| Parameter | Value |
|---|---|
| Length (\(L\)) | 1.5 m |
| Radius (\(r\)) | 1.0 cm = 0.01 m |
| Mass flow rate (\(\dot{m}\)) | 4.0 × 10-3 kg/s |
| Density (\(\rho\)) | 1.3 × 103 kg/m³ |
| Viscosity (\(\eta\)) | 0.83 Pa·s |
Steady laminar flow through a horizontal tube uses Poiseuille's law:
$$\Delta P = \frac{8\eta L Q}{\pi r^4}$$
First, calculate volume flow rate \(Q\):
$$Q = \frac{\dot{m}}{\rho} = \frac{4.0 \times 10^{-3}}{1.3 \times 10^3} = 3.077 \times 10^{-6} \, \text{m}^3\text{/s}$$
Now compute \(\Delta P\):
$$\Delta P = \frac{8 \times 0.83 \times 1.5 \times (3.077 \times 10^{-6})}{\pi \times (0.01)^4}$$
Step-by-step:
\(\Delta P = 970 \, \text{Pa}\)
Calculate Reynolds number \(Re = \frac{\rho v D}{\eta}\), where \(D = 2r = 0.02\) m.

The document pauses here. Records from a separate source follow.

Lemma greal_near_odds (x : R) : 2^-1 < x < 1 ->
  \forall z \near x, greal b z = godds (1 - b) (odds z).
Proof.
move=> /andP[x_gt x1]; near=> z; apply: greal_odds => //; apply/andP; split.
- by near: z; exact: lt_nbhsr.
- by near: z; exact: lt_nbhsl.
Unshelve. all: by end_near. Qed.

Lemma greal_continuous (x : R) : 2^-1 < x < 1 -> {for x, continuous (greal b)}.
Proof.
move=> x_in; have E := greal_near_odds x_in; have /andP[x_gt x1] := x_in.
have c : {for x, continuous (godds (1 - b) \o odds)}.
  apply: continuous_comp; first exact: odds_continuous.
  exact/(godds_continuous t01)/odds_gt1.
rewrite /prop_for /continuous_at (nbhs_singleton E).
by apply: cvg_trans c; apply: near_eq_cvg; apply: filterS E.
Qed.

Lemma greal_cvg_half : greal b z @[z --> 2^-1^'+] --> 2 / b - 2.
Proof.
have /andP[b0 b1] := b01.
pose h (q : R) := 2 * q / (1 - q).
have h_cont : {for (1 - b), continuous h}.
  apply: is_derive1_continuous; rewrite /h.
  by apply: is_deriveM; apply: is_deriveV; rewrite gt_eqF //; lra.
have <- : h (1 - b) = 2 / b - 2 by rewrite /h; field; rewrite gt_eqF //; lra.
apply: cvg_trans (continuous_cvg _ h_cont (tanh_ratio_odds_cvg t01)).
apply: near_eq_cvg; near=> z.
have z_gt : 2^-1 < z by near: z; exact: nbhs_right_gt.
have z1 : z < 1 by near: z; apply: nbhs_right_lt; rewrite invf_lt1 // ltr1n.
by rewrite /= greal_odds ?z_gt // godds_tanh_ratio // odds_gt1.
Unshelve. all: by end_near. Qed.

Lemma greal_lt_interior (x y : R) : 2^-1 < x -> x < y -> y < 1 ->
  greal b x < greal b y.
Proof.
move=> x_gt xy y1; have x1 : x < 1 by apply: lt_trans y1.
have y_gt : 2^-1 < y by apply: lt_trans xy.
rewrite !greal_odds ?x_gt ?y_gt ?x1 ?y1 //.
exact/(godds_lt t01)/odds_lt/y1/xy/odds_gt1.
Qed.

Lemma greal_homo_lt : {in `[2^-1, 1[ &, {homo greal b : x y / x < y}}.
Proof.
move=> x y; rewrite !in_itv /= => /andP[+ _] /andP[_ y1].
rewrite le_eqVlt => /predU1P[<- hy|]; last by move=> x_gt xy; exact: greal_lt_interior.
pose m := (2^-1 + y) / 2.
have m_gt : 2^-1 < m by rewrite /m; lra.
have my : m < y by rewrite /m; lra.
apply: le_lt_trans (greal_lt_interior m_gt my y1).
rewrite greal_half; apply: (ler_cvg_to greal_cvg_half (cvg_cst (greal b m))).
near=> z; apply/ltW/greal_lt_interior.
- by near: z; exact: nbhs_right_gt.
- by near: z; exact: nbhs_right_lt.
- exact: lt_trans y1.
Unshelve. all: by end_near. Qed.

Lemma greal_unbounded (A : R) : exists2 y, 2^-1 < y < 1 & A < greal b y.
Proof.
have /andP[b0 b1] := b01.
pose B := Num.max (A + 1) 1.
have B1 : 1 <= B by rewrite le_max lexx orbT.
have AB : A + 1 <= B by rewrite le_max lexx.
have B0 : 0 < B by apply: lt_le_trans B1.
(* r is chosen so that r^(1-b) > B >= A + 1, while g >= r^(1-b) - 1 *)
pose M := B `^ ((1 - b)^-1).
have M0 : 0 < M by apply: powR_gt0.
pose r := M + 1.
have r1 : 1 < r by rewrite ltrDr.
have r0 : 0 < r by apply: lt_trans r1.
have Mt : M `^ (1 - b) = B.
  by rewrite -powRrM mulVf ?powRr1 ?ltW // gt_eqF //; lra.
have rt : B < r `^ (1 - b).
  rewrite -Mt; apply: gt0_ltr_powR; rewrite ?nnegrE ?ltW ?ltrDl //; lra.
have y_gt : 2^-1 < r / (1 + r) by rewrite ltr_pdivlMr ?addr_gt0 //; lra.
have y1 : r / (1 + r) < 1 by rewrite ltr_pdivrMr ?addr_gt0 //; lra.
exists (r / (1 + r)); first by rewrite y_gt y1.
rewrite greal_odds ?y_gt ?y1 //.
have -> : odds (r / (1 + r)) = r.
  by rewrite /odds; field; rewrite addrK oner_neq0 andbT gt_eqF // addr_gt0.
apply: lt_le_trans (godds_ge t01 r1); lra.
Qed.

Lemma greal_within_continuous (y : R) : 2^-1 < y < 1 ->
  {within `[2^-1, y], continuous (greal b)}.
Proof.
move=> /andP[y_gt y1]; apply/continuous_within_itvP => //; split.
- move=> x; rewrite in_itv /= => /andP[x_gt xy].
  by apply: greal_continuous; rewrite x_gt (lt_trans xy).
- by rewrite greal_half; exact: greal_cvg_half.
- by apply: cvg_within_filter; apply: greal_continuous; rewrite y_gt y1.
Qed.

Lemma greal_solve (v : R) : 2 / b - 2 < v ->
  exists2 x, 2^-1 < x < 1 & greal b x = v.
Proof.
move=> v_gt; have [y y_in v_lt] := greal_unbounded v; have /andP[y_gt y1] := y_in.
have v_in : Num.min (greal b 2^-1) (greal b y) <= v <= Num.max (greal b 2^-1) (greal b y).
  by rewrite greal_half ge_min le_max (ltW v_gt) (ltW v_lt) orbT.
have [x] := IVT (ltW y_gt) (greal_within_continuous y_in) v_in.
rewrite in_itv /= le_eqVlt => /andP[/predU1P[<-|x_gt] xy] gx.
  by move: v_gt; rewrite -gx greal_half ltxx.
by exists x; rewrite // x_gt (le_lt_trans xy).
Qed.

End RealValuedG.

Section G.
Context {R : realType}.
Variable b : R.
Hypothesis b01 : 0 < b < 1.

Local Notation g := (fun x : R => gfun x b).
Local Notation I := [set` `[2^-1, 1]] (only parsing).

Lemma gfun_cvg_within1 : g z @[z --> within I (nbhs (1 : R))] --> +oo%E.
Proof.
apply/cvgeyPge => A; have [y /andP[y_gt y1] A_lt] := greal_unbounded b01 A.
rewrite near_withinE; near=> z; rewrite /= in_itv /= => /andP[_ z1].
have yz : y < z by near: z; exact: lt_nbhsr.
have [->|z_neq1] := eqVneq z 1; first by rewrite /gfun eqxx leey.
rewrite gfunE // lee_fin; apply/ltW/(lt_trans A_lt)/greal_lt_interior => //.
by rewrite lt_neqAle z_neq1.
Unshelve. all: by end_near. Qed.

Lemma gfun_cvg_within_half : g z @[z --> within I (nbhs (2^-1 : R))] --> g 2^-1.
Proof.
have half_neq1 : 2^-1 != 1 :> R by rewrite invr_eq1 pnatr_eq1.
have half_lt1 : 2^-1 < 1 :> R by rewrite invf_lt1 // ltr1n.
rewrite gfunE // greal_half; apply: cvg_EFin.
  rewrite near_withinE; near=> z => _; rewrite gfunE ?lt_eqF //.
  by near: z; exact: lt_nbhsl.
apply/cvgrPdist_lt => e e0.
move/cvgrPdist_lt: (greal_cvg_half b01) => /(_ e e0).
rewrite /at_right near_withinE => near_half.
rewrite near_withinE; near=> z; rewrite /= in_itv /= => /andP[+ _].
have z1 : z < 1 by near: z; exact: lt_nbhsl.
have near_z : 2^-1 < z -> `|2 / b - 2 - greal b z| < e by near: z.
rewrite /= gfunE ?lt_eqF //= le_eqVlt => /predU1P[<-|/near_z //].
by rewrite greal_half subrr normr0.
Unshelve. all: by end_near. Qed.

Lemma gfun_continuous : {within `[2^-1, 1], continuous g}.
Proof.
apply/subspace_continuousP => x /=; rewrite /from_subspace in_itv /= => /andP[x_ge x_le1].
have [->|x_neq1] := eqVneq x 1.
  by rewrite [X in _ --> X]/gfun eqxx; exact: gfun_cvg_within1.
have x1 : x < 1 by rewrite lt_neqAle x_neq1.
move: x_ge; rewrite le_eqVlt => /predU1P[<-|x_gt]; first exact: gfun_cvg_within_half.
apply: cvg_within_filter; rewrite gfunE //; apply: cvg_EFin.
  by near=> z; rewrite gfunE ?lt_eqF //; near: z; exact: lt_nbhsl.
apply: cvg_trans (greal_continuous b01 _); last by rewrite x_gt.
apply: near_eq_cvg; near=> z; rewrite /= gfunE ?lt_eqF //.
by near: z; exact: lt_nbhsl.
Unshelve. all: by end_near. Qed.

End G.

Section Solution.
Context {R : realType}.

Lemma gfun_increasing (b x y : R) : 0 < b < 1 -> 2^-1 <= x -> x < y -> y <= 1 ->
  (gfun x b < gfun y b)%E.
Proof.
move=> b01 x_ge xy y_le1; have x1 : x < 1 by apply: lt_le_trans y_le1.
have [->|y_neq1] := eqVneq y 1; first by rewrite gfunE ?lt_eqF // /gfun eqxx ltey.
have y1 : y < 1 by rewrite lt_neqAle y_neq1.
rewrite !gfunE ?lt_eqF // lte_fin.
by apply: greal_homo_lt; rewrite // in_itv /= ?x_ge ?x1 ?y1 // (le_trans x_ge) ?ltW.
Qed.

Lemma gfun_decreasing_b (x b1 b2 : R) : 2^-1 <= x < 1 ->
  0 < b1 -> b1 < b2 -> b2 < 1 -> (gfun x b2 < gfun x b1)%E.
Proof.
move=> x_in b10 b12 b21; have /andP[_ x1] := x_in.
by rewrite !gfunE ?lt_eqF // lte_fin greal_lt_b.
Qed.

Lemma gfun_solution_unique (b v : R) : 0 < b < 1 -> 2 / b - 2 < v ->
  exists! x, 2^-1 < x < 1 /\ gfun x b = v%:E.
Proof.
move=> b01 v_gt; have [x x_in gx] := greal_solve b01 v_gt.
have /andP[x_gt x1] := x_in.
exists x; split; first by rewrite gfunE ?lt_eqF // gx.
move=> y [/andP[y_gt y1]]; rewrite gfunE ?lt_eqF // -gx => -[gy].
apply: (inc_inj_in (le_mono_in (greal_homo_lt b01))) => //.
all: by rewrite in_itv /= ltW.
Qed.

Lemma gfun_solution_lt (b1 b2 v1 v2 x1 x2 : R) :
  0 < b1 -> b1 <= b2 -> b2 < 1 -> v1 <= v2 -> (b1 < b2) || (v1 < v2) ->
  2^-1 < x1 < 1 -> gfun x1 b1 = v1%:E ->
  2^-1 < x2 < 1 -> gfun x2 b2 = v2%:E -> x1 < x2.
Proof.
move=> b10 b12 b21 v12 strict /andP[x1_gt x1_lt1] g1 /andP[x2_gt x2_lt1] g2.
have b01 : 0 < b2 < 1 by rewrite (lt_le_trans b10 b12).
move: g1 g2; rewrite !gfunE ?lt_eqF // => -[g1] [g2].
rewrite -(leW_mono_in (le_mono_in (greal_homo_lt b01))) ?in_itv /= ?ltW //.
rewrite g2; move: b12 strict; rewrite le_eqVlt => /predU1P[<-|b_lt] strict.
  by rewrite ltxx /= in strict; rewrite g1.
by apply: lt_le_trans v12; rewrite -g1 greal_lt_b ?ltW.
Qed.

End Solution.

Average velocity \(v = \frac{Q}{A} = \frac{Q}{\pi r^2}\):
$$v = \frac{3.077 \times 10^{-6}}{\pi \times (0.01)^2} = 0.0982 \, \text{m/s}$$
$$Re = \frac{1.3 \times 10^3 \times 0.0982 \times 0.02}{0.83} = 307$$
\(Re \approx 307 \ll 2000\) → Laminar flow assumption is correct.